Down syndrome is a genetic disorder caused from an extra full or partial copy of the 21st chromosome. This extra copy of chromosome causes mild to moderate intellectual disability, delayed speech, decreased muscle tone. The obvious physical features are including flattened face / head / nose, small eyes, upward slanting eyelids, short neck, short height (shorter than other people at the same age once becoming an adult). As well as various health problems. Therefore, people with down syndrome mostly have a shorter lifespan than normal individuals.
- Who has a greater risk of conceiving a baby with down syndrome?
The answer is women who are pregnant at age 35 or older! Pregnancy in advanced maternal age makes a high risk of having infants with down syndrome. The older mothers are, the higher risk will be. Moreover, parents who have a child with down syndrome are vulnerable to have the next child with down syndrome as well.

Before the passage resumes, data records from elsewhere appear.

(* Let $\mathcal{G}$ be a graph class and let $G$ be a graph with $G\notin\mathcal{G}$. Let $\mathcal{M}$ be a $\mathcal{G}$-modular partition of $G$ and let $\mathcal{M}^*$ be the maximal modular partition of $G$. Then: (i) if $G$ or $\overline{G}$ is disconnected, then for any $M\in\mathcal{M}$ and $M'\in\mathcal{M}^*$, $M\cap M'\in\{M,M',\emptyset\}$; (ii) if $G$ and $\overline{G}$ are both connected, then for every $M\in\mathcal{M}$ there is $M'\in\mathcal{M}^*$ with $M\subseteq M'$.
   Context: A graph class is a (possibly infinite) set of graphs containing at least one non-empty graph. A module of $G=(V,E)$ is a set $M\subseteq V$ such that each $v\in V\setminus M$ is adjacent to all or to none of the vertices of $M$. A module $M$ is strong if for every module $M'$, either $M\subseteq M'$, $M'\subseteq M$ or $M\cap M'=\emptyset$; it is maximal if $M\subsetneq V$ and no module $M'$ satisfies $M\subsetneq M'\subsetneq V$. The maximal modular partition of $G$ is the unique partition of $V$ into maximal strong modules. A module $M$ is a $\mathcal{G}$-module if $G[M]\in\mathcal{G}$; a $\mathcal{G}$-modular partition of $G$ is a partition of $V(G)$ into $\mathcal{G}$-modules. $\overline{G}$ is the complement of $G$. *)

From mathcomp Require Import all_boot fingraph.
Set Implicit Arguments. Unset Strict Implicit. Unset Printing Implicit Defensive.

Definition simple_graph (T : finType) (e : rel T) : Prop :=
  symmetric e /\ irreflexive e.

Record graph_class := GraphClass {
  gc_mem : forall T : finType, rel T -> Prop;
  gc_iso : forall (T U : finType) (e : rel T) (f : rel U) (h : T -> U),
      bijective h -> (forall x y, f (h x) (h y) = e x y) ->
      gc_mem e -> gc_mem f;
  gc_nonempty : exists (T : finType) (e : rel T),
      simple_graph e /\ 0 < #|T| /\ gc_mem e
}.
Arguments gc_mem g {T} _.

Definition compl_graph (T : finType) (e : rel T) : rel T :=
  fun x y => (x != y) && ~~ e x y.

Definition connected_graph (T : finType) (e : rel T) : Prop :=
  forall x y : T, connect e x y.

Definition induced (T : finType) (e : rel T) (M : {set T})
  : rel {x : T | x \in M} := fun x y => e (val x) (val y).

Definition is_module (T : finType) (e : rel T) (M : {set T}) : Prop :=
  forall v, v \notin M -> (forall x, x \in M -> e v x) \/ (forall x, x \in M -> ~~ e v x).

Definition strong_module (T : finType) (e : rel T) (M : {set T}) : Prop :=
  is_module e M /\
  forall M', is_module e M' -> M \subset M' \/ M' \subset M \/ [disjoint M & M'].

Definition maximal_strong_module (T : finType) (e : rel T) (M : {set T}) : Prop :=
  strong_module e M /\ M \proper [set: T] /\
  forall M', strong_module e M' -> M \proper M' -> ~ (M' \proper [set: T]).

Definition maximal_modular_partition (T : finType) (e : rel T)
  (P : {set {set T}}) : Prop :=
  partition P [set: T] /\ forall M, M \in P -> maximal_strong_module e M.

Definition class_module (C : graph_class) (T : finType) (e : rel T) (M : {set T})
  : Prop := is_module e M /\ gc_mem C (@induced T e M).

Definition class_modular_partition (C : graph_class) (T : finType) (e : rel T)
  (P : {set {set T}}) : Prop :=
  partition P [set: T] /\ forall M, M \in P -> class_module C e M.

From mathcomp Require Import all_boot.

Set Implicit Arguments.
Unset Strict Implicit.
Unset Printing Implicit Defensive.

(* (i) is immediate from strongness of the blocks of the maximal modular
   partition.  For (ii), a class module M is proper (otherwise G = G[M] would
   lie in the class), so it extends to a maximal proper module W.  When G and
   its complement are connected, W is strong: an overlapping module N would
   give a module W ∪ N = V, and then every vertex of V \ W = N \ W relates
   to all of W as one fixed c ∈ N \ W relates to one fixed a ∈ W \ N, so
   the cut (W, V \ W) disconnects G or its complement.  A strong proper
   module meeting a block of the maximal modular partition lies inside it,
   so M ⊆ W lies in a block. *)

Section Modules.
Variables (T : finType) (e : rel T).

Definition moduleb (M : {set T}) : bool :=
  [forall v in ~: M, [forall x in M, e v x] || [forall x in M, ~~ e v x]].

Lemma moduleP M : reflect (is_module e M) (moduleb M).
Proof.
apply: (iffP forall_inP) => HM v; rewrite ?inE => vM.
  by move: (HM v); rewrite inE => /(_ vM) /orP [] /forall_inP; [left | right].
by apply/orP; case: (HM v vM) => Hv; [left | right]; apply/forall_inP.
Qed.

Definition proper_module : pred {set T} :=
  [pred W | moduleb W & W \proper [set: T]].

Lemma module_rel_eq M v x y :
  is_module e M -> v \notin M -> x \in M -> y \in M -> e v x = e v y.
Proof.
move=> HM vM xM yM; case: (HM v vM) => Hv; first by rewrite !Hv.
by rewrite (negbTE (Hv x xM)) (negbTE (Hv y yM)).
Qed.

Lemma module_setU U N b :
  is_module e U -> is_module e N -> b \in U :&: N -> is_module e (U :|: N).
Proof.
move=> HU HN; rewrite inE => /andP [bU bN] v; rewrite inE negb_or => /andP [vU vN].
case: (HU v vU) => H1; case: (HN v vN) => H2.
- by left => x; rewrite inE => /orP [] ?; auto.
- by have := H1 b bU; rewrite (negbTE (H2 b bN)).
- by have := H2 b bN; rewrite (negbTE (H1 b bU)).
- by right => x; rewrite inE => /orP [] ?; auto.
Qed.

Lemma not_connected_cut (r : rel T) (S : {set T}) x y :
  x \in S -> y \notin S -> (forall u v, u \in S -> v \notin S -> ~~ r u v) ->
  ~ connected_graph r.
Proof.
move=> xS yS cut /(_ x y) /connectP [p pth yE]; rewrite {y}yE in yS.
elim: p x xS pth yS => [|z p IH] x xS /=; first by rewrite xS.
case/andP=> rxz; apply: IH; apply: contraTT rxz; exact: cut.
Qed.

Lemma covering_modules_not_connected U N a c :
  symmetric e -> is_module e U -> is_module e N -> U :|: N = [set: T] ->
  a \in U -> a \notin N -> c \in N -> c \notin U ->
  ~ connected_graph e \/ ~ connected_graph (compl_graph e).
Proof.
move=> sym HU HN UN aU aN cN cU.
have cut y x : y \notin U -> x \in U -> e y x = e c a.
  move=> yU xU; have yN : y \in N by move: (in_setT y); rewrite -UN inE (negbTE yU).
  by rewrite (module_rel_eq HU yU xU aU) sym (module_rel_eq HN aN yN cN) sym.
case eca: (e c a); [right | left];
  apply: (@not_connected_cut _ (~: U) c a); rewrite ?inE ?cU ?aU // => y x;
  rewrite !inE negbK => yU xU; rewrite /compl_graph cut // eca ?andbF //.
Qed.

Lemma maxset_proper_module_strong U :
  symmetric e -> connected_graph e -> connected_graph (compl_graph e) ->
  maxset proper_module U -> strong_module e U.
Proof.
move=> sym conn conn' /maxsetP [/andP [/moduleP HU Up] Umax]; split=> // N HN.
have [UN | /subsetPn [a aU aN]] := boolP (U \subset N); first by left.
have [NU | /subsetPn [c cN cU]] := boolP (N \subset U); first by right; left.
have [|] := boolP [disjoint U & N]; first by right; right.
rewrite -setI_eq0 => /set0Pn [b bUN]; exfalso.
have HUN := module_setU HU HN bUN.
have UNT : U :|: N = [set: T].
  apply/eqP; rewrite eqEproper subsetT /=; apply/negP => UNp.
  have /setUidPl NsubU : U :|: N = U.
    by apply: Umax (subsetUl U N); apply/andP; split=> //; apply/moduleP.
  by rewrite (subsetP NsubU c cN) in cU.
by have [] := covering_modules_not_connected sym HU HN UNT aU aN cN cU.
Qed.

Lemma strong_module_sub_maximal B W x :
  maximal_strong_module e B -> strong_module e W -> W \proper [set: T] ->
  x \in B -> x \in W -> W \subset B.
Proof.
move=> [[_ Bstrong] [_ Bmax]] Wstrong Wp xB xW.
case: (Bstrong W (proj1 Wstrong)) => [BW | [// | dBW]]; last first.
  by rewrite (disjointFr dBW xB) in xW.
case: (eqVneq B W) => [<- // | neqBW]; exfalso.
by apply: (Bmax W) => //; rewrite properEneq neqBW.
Qed.

Lemma module_sub_maximal_modular_block Pstar M x :
  symmetric e -> connected_graph e -> connected_graph (compl_graph e) ->
  maximal_modular_partition e Pstar ->
  is_module e M -> M \proper [set: T] -> x \in M ->
  exists2 B, B \in Pstar & M \subset B.
Proof.
move=> sym conn conn' [partP maxP] HM Mp xM.
have [W maxW MW] : {W | maxset proper_module W & M \subset W}.
  by apply: maxset_exists; apply/andP; split=> //; apply/moduleP.
have [_ Wp] := andP (maxsetp maxW).
have xcover : x \in cover Pstar by rewrite (cover_partition partP) inE.
exists (pblock Pstar x); first exact: pblock_mem.
apply: subset_trans MW (strong_module_sub_maximal _ _ Wp _ (subsetP MW x xM)).
- exact/maxP/pblock_mem.
- exact: maxset_proper_module_strong.
- by rewrite mem_pblock.
Qed.

Lemma strong_module_setI M M' :
  strong_module e M' -> is_module e M ->
  M :&: M' = M \/ M :&: M' = M' \/ M :&: M' = set0.
Proof.
case=> _ strongM' HM; case: (strongM' M HM) => [sub | [sub | dis]].
- by right; left; apply/setIidPr.
- by left; apply/setIidPl.
- by right; right; apply: disjoint_setI0; rewrite disjoint_sym.
Qed.

End Modules.

Lemma class_module_proper (C : graph_class) (T : finType) (e : rel T) M :
  ~ gc_mem C e -> class_module C e M -> M \proper [set: T].
Proof.
move=> notCe [_ CM]; rewrite properT; apply/eqP => MT; subst M; apply: notCe.
apply: (@gc_iso C _ T _ e val _ _ CM) => //.
by exists (fun y => exist _ y (in_setT y)) => [z|y] //; apply: val_inj.
Qed.

Theorem lemma3 (C : graph_class) (T : finType) (e : rel T)
  (He : simple_graph e) (HG : ~ gc_mem C e)
  (P Pstar : {set {set T}})
  (HP : class_modular_partition C e P)
  (HPstar : maximal_modular_partition e Pstar) :
  ((~ connected_graph e \/ ~ connected_graph (compl_graph e)) ->
     forall M M', M \in P -> M' \in Pstar ->
       M :&: M' = M \/ M :&: M' = M' \/ M :&: M' = set0) /\
  ((connected_graph e /\ connected_graph (compl_graph e)) ->
     forall M, M \in P -> exists2 M', M' \in Pstar & M \subset M').
Proof.
case: HP => partP classP; split.
  move=> _ M M' MP M'Pstar; have [strongM' _] := proj2 HPstar M' M'Pstar.
  exact: strong_module_setI strongM' (proj1 (classP M MP)).
move=> [conn conn'] M MP; have classM := classP M MP.
have /set0Pn [x xM] := partition_neq0 partP MP.
exact: (module_sub_maximal_modular_block (proj1 He) conn conn' HPstar
          (proj1 classM) (class_module_proper HG classM) xM).
Qed.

- How can down syndrome be detected?
We can detect down syndrome by a prenatal diagnosis method called amniocentesis. This is a fetus chromosomal test. Usually performed during 16-18 weeks of gestation. Although amniocentesis provides high accuracy but it can cause a miscarriage approximately 1 in 350 cases as well. Therefore, obstetrician will suggest this test to only some pregnant women at high risk. Another method to identify down syndrome is blood test together with ultrasound scan. The procedure is done from 11-13 weeks of gestation. An ultrasound examination is used to see a fetal characteristic and measure the thickness of fetus neck (nuchal translucency). A maternal blood sample is tested to analyze some markers including PAPP-A and hCG. However, the accuracy of this approach is only 80%.